Luego de tres años de desgobierno hemos vuelto a un pasado signado por el narcotráfico que nunca nos abandonó, pero se confundió, desde el gobierno, con justificados reclamos o actitudes políticas. No podemos negociar dietas veganas con tigres o tiburones, advertimos entonces desde esta columna. Lamentablemente, el tiempo y el ministro de Defensa -el presidente no porque como jalisco nunca pierde y cuando pierde arrebata- nos están dando la razón; “Estos criminales traicionaron esa voluntad y se fortalecieron, tanto en capacidades como en número, producto del narcotráfico”, expresó el ministro reconociendo un fracaso que muchos advertimos.
No caben más discursos ni promesas. Las cifras son contundentes: el número de miembros de organizaciones ilegales se ha duplicado desde 2021 llegando nuevamente a 22.000 hombres según informes recientes; el delito de terrorismo -sin considerar cifras de agosto- se incrementó en un 75 % desde 2021 y la tasa de secuestros, prácticamente, se duplicó en el mismo periodo al pasar de 0,31 a 0,59 por cada 100.000 habitantes, de acuerdo con cifras del Ministerio de Defensa.
Nuestro país se encuentra en una encrucijada. No solo por la violencia que arrecia, sino por la percepción de que el gobierno perdió el rumbo, si alguna vez lo tuvo. La “Paz total” ha sido, más que una política de Estado, una apuesta personal, sin consensos, sin institucionalidad, sin evaluación, sin participación de “el pueblo” ni rendición de cuentas. La apuesta fracasó y nuestro Estado de derecho se encuentra -como nunca antes- en altísimo riesgo.

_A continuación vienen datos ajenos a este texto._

(* Let $\phi_2$ be a topological flow on a compact metric space $(M_2,\mathrm{dist}_2)$ whose limit set $L(\phi_2)$ is a finite set of singularities, each Lyapunov stable or Lyapunov unstable. Let $\varepsilon_0>0$ and $r_2>0$, and put $F=M_2\setminus\bigcup_{p\in\mathrm{Sing}(\phi_2)}B(r_2,p)$. Then there exist $d_1>0$ and $S_0>0$ such that whenever $\xi_2$ is a $d_1$-pseudotrajectory of $\phi_2$ with $\xi_2(s_0)\in F$ for some $s_0\in\mathbb{R}$, there exist a Lyapunov unstable point $p\in\mathrm{Sing}(\phi_2)$ and a Lyapunov stable point $q\in\mathrm{Sing}(\phi_2)$ such that $\xi_2(t+s_0)\in B(r_2,p)$ for all $t\le -S_0$, $\xi_2(t+s_0)\in B(r_2,q)$ for all $t\ge S_0$, and $\mathrm{dist}_2(\xi_2(t+s_0),\phi_2(t,\xi_2(s_0)))<\min\{r_2,\varepsilon_0/4\}$ for all $t\in[-S_0,2S_0]$.
   Context: A topological flow is a continuous $\phi:\mathbb{R}\times M\to M$ with $\phi(0,x)=x$, $\phi(s+t,x)=\phi(s,\phi(t,x))$; $\mathrm{Sing}$ is its set of fixed points. A singularity $p$ is Lyapunov stable if for every neighborhood $V$ of $p$ there is a neighborhood $U$ of $p$ with $\phi(t,x)\in V$ for all $t\ge0$, $x\in U$; Lyapunov unstable if the same holds for $t\le0$. $L(\phi)$ is the union over all $x$ of the $\omega$- and $\alpha$-limit sets of $x$. A $d$-pseudotrajectory is a map $\xi:\mathbb{R}\to M$ with $\mathrm{dist}(\xi(t+s),\phi(s,\xi(t)))<d$ for all $t\in\mathbb{R}$, $s\in[0,1]$. $B(r,p)$ is the open ball. *)

From Stdlib Require Import Reals List.
Open Scope R_scope.

Section Defs.
Context {M : Type} (dist : M -> M -> R).

Definition is_metric : Prop :=
  (forall x y, 0 <= dist x y) /\
  (forall x y, dist x y = 0 <-> x = y) /\
  (forall x y, dist x y = dist y x) /\
  (forall x y z, dist x z <= dist x y + dist y z).

Definition ball (r : R) (p : M) : M -> Prop := fun x => dist p x < r.

Definition is_open (U : M -> Prop) : Prop :=
  forall x, U x -> exists e, 0 < e /\ forall y, ball e x y -> U y.

Definition is_compact_space : Prop :=
  forall (I : Type) (U : I -> M -> Prop),
    (forall i, is_open (U i)) -> (forall x, exists i, U i x) ->
    exists l : list I, forall x, exists i, In i l /\ U i x.

Definition nbhd (p : M) (V : M -> Prop) : Prop :=
  exists e, 0 < e /\ forall y, ball e p y -> V y.

Variable phi : R -> M -> M.

Definition is_flow : Prop :=
  (forall t x eps, 0 < eps -> exists delta, 0 < delta /\
     forall s y, Rabs (s - t) < delta -> dist x y < delta ->
       dist (phi t x) (phi s y) < eps) /\
  (forall x, phi 0 x = x) /\
  (forall s t x, phi (s + t) x = phi s (phi t x)).

Definition Sing (p : M) : Prop := forall t, phi t p = p.

Definition lyap_stable (p : M) : Prop :=
  forall V, nbhd p V -> exists U, nbhd p U /\
    forall x t, U x -> 0 <= t -> V (phi t x).

Definition lyap_unstable (p : M) : Prop :=
  forall V, nbhd p V -> exists U, nbhd p U /\
    forall x t, U x -> t <= 0 -> V (phi t x).

Definition omega_limit (x y : M) : Prop :=
  forall eps T, 0 < eps -> exists t, T <= t /\ dist (phi t x) y < eps.
Definition alpha_limit (x y : M) : Prop :=
  forall eps T, 0 < eps -> exists t, t <= T /\ dist (phi t x) y < eps.

Definition limit_set (y : M) : Prop :=
  exists x, omega_limit x y \/ alpha_limit x y.

Definition pseudotrajectory (d : R) (xi : R -> M) : Prop :=
  forall t s, 0 <= s <= 1 -> dist (xi (t + s)) (phi s (xi t)) < d.

End Defs.

From Stdlib Require Import Reals List Lra Classical ClassicalEpsilon.
Require Coquelicot.Compactness.
Open Scope R_scope.

(* On a bounded time window a fine enough pseudotrajectory shadows the true orbit
   (uniform continuity of the flow on compact time intervals).  The orbit of a point
   of F has an omega-limit point, a singularity; it cannot be Lyapunov unstable,
   since the backward orbit would then stay arbitrarily close to it, so it is a
   stable singularity q.  Near q, isolated in the finite limit set, every orbit is
   attracted to q, uniformly on a small closed ball by compactness; hence a
   pseudotrajectory entering that ball comes back to it after a fixed time and in
   between never leaves the r-ball around q.  Compactness of F makes the entry time
   and all tolerances uniform in the starting point, and reversing time produces
   the unstable singularity p in the past. *)

Lemma list_upper_bound {A : Type} (f : A -> R) (l : list A) :
  exists T, forall a, In a l -> f a <= T.
Proof.
  induction l as [|a l [T HT]].
  - exists 0. intros a [].
  - exists (Rmax (f a) T). intros b [<-|Hb].
    + apply Rmax_l.
    + eapply Rle_trans; [apply HT; auto | apply Rmax_r].
Qed.

Lemma list_pos_lower_bound {A : Type} (P : A -> Prop) (g : A -> R) (l : list A) :
  (forall a, P a -> 0 < g a) ->
  exists m, 0 < m /\ forall a, In a l -> P a -> m <= g a.
Proof.
  intros Hg. induction l as [|a l [m [Hm HT]]].
  - exists 1. split; [lra|]. intros a [].
  - destruct (classic (P a)) as [Pa|nPa].
    + exists (Rmin (g a) m). split.
      * apply Rmin_glb_lt; auto.
      * intros b [<-|Hb] Pb.
        -- apply Rmin_l.
        -- eapply Rle_trans; [apply Rmin_r | apply HT; auto].
    + exists m. split; auto. intros b [<-|Hb] Pb; [contradiction|auto].
Qed.

Lemma forward_by_steps (P Q : R -> Prop) (T : R) : 0 < T ->
  (forall tau, P tau -> P (tau + T)) ->
  (forall tau, P tau -> forall v, 0 <= v <= T -> Q (tau + v)) ->
  forall tau, P tau -> forall u, 0 <= u -> Q (tau + u).
Proof.
  intros HT Hstep Hcover tau Htau.
  assert (Hn : forall n : nat, P (tau + INR n * T) /\
                 forall u, 0 <= u <= INR n * T -> Q (tau + u)).
  { induction n as [|n [HPn HQn]].
    - simpl. rewrite Rmult_0_l, Rplus_0_r. split; auto.
      intros u Hu. apply Hcover; auto. lra.
    - rewrite S_INR. split.
      + replace (tau + (INR n + 1) * T) with (tau + INR n * T + T) by ring. auto.
      + intros u Hu. rewrite Rmult_plus_distr_r, Rmult_1_l in Hu.
        destruct (Rle_or_lt u (INR n * T)) as [Hle|Hlt]; [apply HQn; lra|].
        replace (tau + u) with (tau + INR n * T + (u - INR n * T)) by ring.
        apply Hcover; auto. lra. }
  intros u Hu. destruct (INR_archimed T u HT) as [n Hnu].
  apply (Hn n). lra.
Qed.

Section MetricSpace.
Context {M : Type} (d : M -> M -> R).
Hypothesis Hm : is_metric d.
Hypothesis Hc : is_compact_space d.

Lemma dist_ge0 x y : 0 <= d x y.
Proof. apply Hm. Qed.

Lemma dist_refl x : d x x = 0.
Proof. apply Hm. reflexivity. Qed.

Lemma dist_sym x y : d x y = d y x.
Proof. apply Hm. Qed.

Lemma dist_triangle x y z : d x z <= d x y + d y z.
Proof. apply Hm. Qed.

Lemma dist_pos x y : x <> y -> 0 < d x y.
Proof.
  intros Hxy. destruct (dist_ge0 x y) as [Hlt|Heq]; auto.
  exfalso. apply Hxy. apply Hm. auto.
Qed.

Lemma ball_open r p : is_open d (ball d r p).
Proof.
  intros x Hx. unfold ball in *. exists (r - d p x). split; [lra|].
  intros z Hz. unfold ball in Hz. pose proof (dist_triangle p x z). lra.
Qed.

Lemma open_dist_gt r p : is_open d (fun x => r < d p x).
Proof.
  intros x Hx. exists (d p x - r). split; [lra|].
  intros z Hz. unfold ball in Hz.
  assert (Htri := dist_triangle p z x). rewrite (dist_sym z x) in Htri. lra.
Qed.

Lemma compact_closed_cover (K : M -> Prop) {I : Type} (O : I -> M -> Prop) :
  is_open d (fun x => ~ K x) -> (forall i, is_open d (O i)) ->
  (forall x, K x -> exists i, O i x) ->
  exists l : list I, forall x, K x -> exists i, In i l /\ O i x.
Proof.
  intros HK HO Hcov.
  set (U := fun o : option I => match o with None => fun x => ~ K x | Some i => O i end).
  destruct (Hc _ U) as [l Hl].
  - intros [i|]; simpl; auto.
  - intros x. destruct (classic (K x)) as [Kx|nKx].
    + destruct (Hcov x Kx) as [i Hi]. exists (Some i). auto.
    + exists None. auto.
  - exists (flat_map (fun o => match o with None => nil | Some i => i :: nil end) l).
    intros x Kx. destruct (Hl x) as [[i|] [Hin Hx]]; simpl in Hx; [|contradiction].
    exists i. split; auto. apply in_flat_map. exists (Some i). simpl; auto.
Qed.

Section Flow.
Variable phi : R -> M -> M.
Hypothesis Hf : is_flow d phi.

Lemma flow_zero x : phi 0 x = x.
Proof. apply Hf. Qed.

Lemma flow_add s t x : phi (s + t) x = phi s (phi t x).
Proof. apply Hf. Qed.

Lemma flow_opp_cancel t x : phi (- t) (phi t x) = x.
Proof. rewrite <- flow_add, Rplus_opp_l. apply flow_zero. Qed.

Lemma open_flow_preimage_ball t r q : is_open d (fun x => d q (phi t x) < r).
Proof.
  intros x Hx. set (eps := r - d q (phi t x)).
  destruct (proj1 Hf t x eps) as [de [Hde Hcont]]; [unfold eps; lra|].
  exists de. split; auto. intros y Hy. unfold ball in Hy.
  assert (Hxy := Hcont t y). rewrite Rminus_diag, Rabs_R0 in Hxy.
  specialize (Hxy Hde Hy).
  pose proof (dist_triangle q (phi t x) (phi t y)). unfold eps in Hxy. lra.
Qed.

Lemma flow_equicontinuous_at a b x e : 0 < e -> exists de, 0 < de /\
  forall s y z, a <= s <= b -> d x y < de -> d x z < de -> d (phi s y) (phi s z) < e.
Proof.
  intros He.
  assert (Hcont : forall t, exists de, 0 < de /\ forall s y, Rabs (s - t) < de ->
                    d x y < de -> d (phi t x) (phi s y) < e / 2).
  { intros t. apply (proj1 Hf). lra. }
  destruct (choice _ Hcont) as [f Hf'].
  set (delta := fun t => mkposreal (f t) (proj1 (Hf' t))).
  destruct (Coquelicot.Compactness.compactness_value_1d a b delta) as [dd Hdd].
  exists dd. split; [apply cond_pos|].
  intros s y z Hs Hy Hz. apply NNPP. intros Hn. apply (Hdd s Hs).
  intros [t [Ht [Hst Hdt]]]. apply Hn. simpl in Hst, Hdt.
  destruct (Hf' t) as [_ Hft].
  assert (Hty := Hft s y Hst ltac:(lra)). assert (Htz := Hft s z Hst ltac:(lra)).
  assert (Htri := dist_triangle (phi s y) (phi t x) (phi s z)).
  rewrite (dist_sym (phi s y) (phi t x)) in Htri. lra.
Qed.

Lemma flow_uniform_continuity a b e : 0 < e -> exists de, 0 < de /\
  forall s x y, a <= s <= b -> d x y < de -> d (phi s x) (phi s y) < e.
Proof.
  intros He.
  assert (Hloc : forall x, exists de, 0 < de /\ forall s y z, a <= s <= b ->
                   d x y < de -> d x z < de -> d (phi s y) (phi s z) < e)
    by (intros x; apply flow_equicontinuous_at; auto).
  destruct (choice _ Hloc) as [de Hde].
  destruct (Hc M (fun x => ball d (de x / 2) x)) as [l Hl].
  - intros x. apply ball_open.
  - intros x. exists x. unfold ball. rewrite dist_refl. pose proof (proj1 (Hde x)). lra.
  - destruct (list_pos_lower_bound (fun _ => True) (fun x => de x / 2) l) as [m [Hm0 Hmin]].
    { intros x _. pose proof (proj1 (Hde x)). lra. }
    exists m. split; auto. intros s y z Hs Hyz.
    destruct (Hl y) as [x [Hin Hxy]]. unfold ball in Hxy.
    assert (Hmx := Hmin x Hin I).
    apply (proj2 (Hde x) s y z Hs); [lra|].
    pose proof (dist_triangle x y z). lra.
Qed.

Lemma pseudotrajectory_mono D D' xi :
  pseudotrajectory d phi D xi -> D <= D' -> pseudotrajectory d phi D' xi.
Proof. intros Hxi HD t s Hs. specialize (Hxi t s Hs). lra. Qed.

La coyuntura combina factores internos de desgobierno con presiones externas de alto valor y riesgo estratégico. Los atentados evidenciaron la vulnerabilidad del Estado frente a actores armados ilegales y marcan un punto de inflexión. A esto se suma la creciente percepción -motivada en declaraciones de altos funcionarios- de que el gobierno Petro, en su fase final, podría buscar mecanismos para intentar prolongarse en el poder, en medio de escándalos de corrupción y una erosión acelerada de la legitimidad institucional.
Las contradicciones entre el dictador venezolano y el gobierno colombiano sobre la llamada zona binacional -respecto de la cual las cortes mantienen un ruidoso e inexplicable silencio- no hacen más que complicar el escenario. Mientras para el ministro Benedetti -el de los 15.000 millones- no se trata de un acuerdo militar, para Maduro, expresamente, lo es, llegando a afirmar, en medio del pánico que le produce la presencia militar estadounidense en el Caribe, que sus milicianos de papel los dirigirá hacia nuestra frontera, amenazando, una vez más, con su influencia sobre el ELN y otros grupos ilegales. Colombia necesita ayuda contra el narcotráfico, pero no de dictadores ni criminales. Democracias de países consumidores y corresponsables, como Estados Unidos o el Reino Unido, que siempre nos han tendido la mano, nos pueden de nuevo ayudar.
Al presidente se le acaba su periodo de gobierno en medio de discursos altisonantes y sofísticos que, como es su costumbre, incentivan la polarización. El fracaso del “cambio” y de la paz total nos hace desconfiar de fórmulas mágicas. Colombia necesita menos ambigüedad y más instituciones; menos protagonismo y más soluciones y más ciudadanía; menos discursos y más estado de derecho.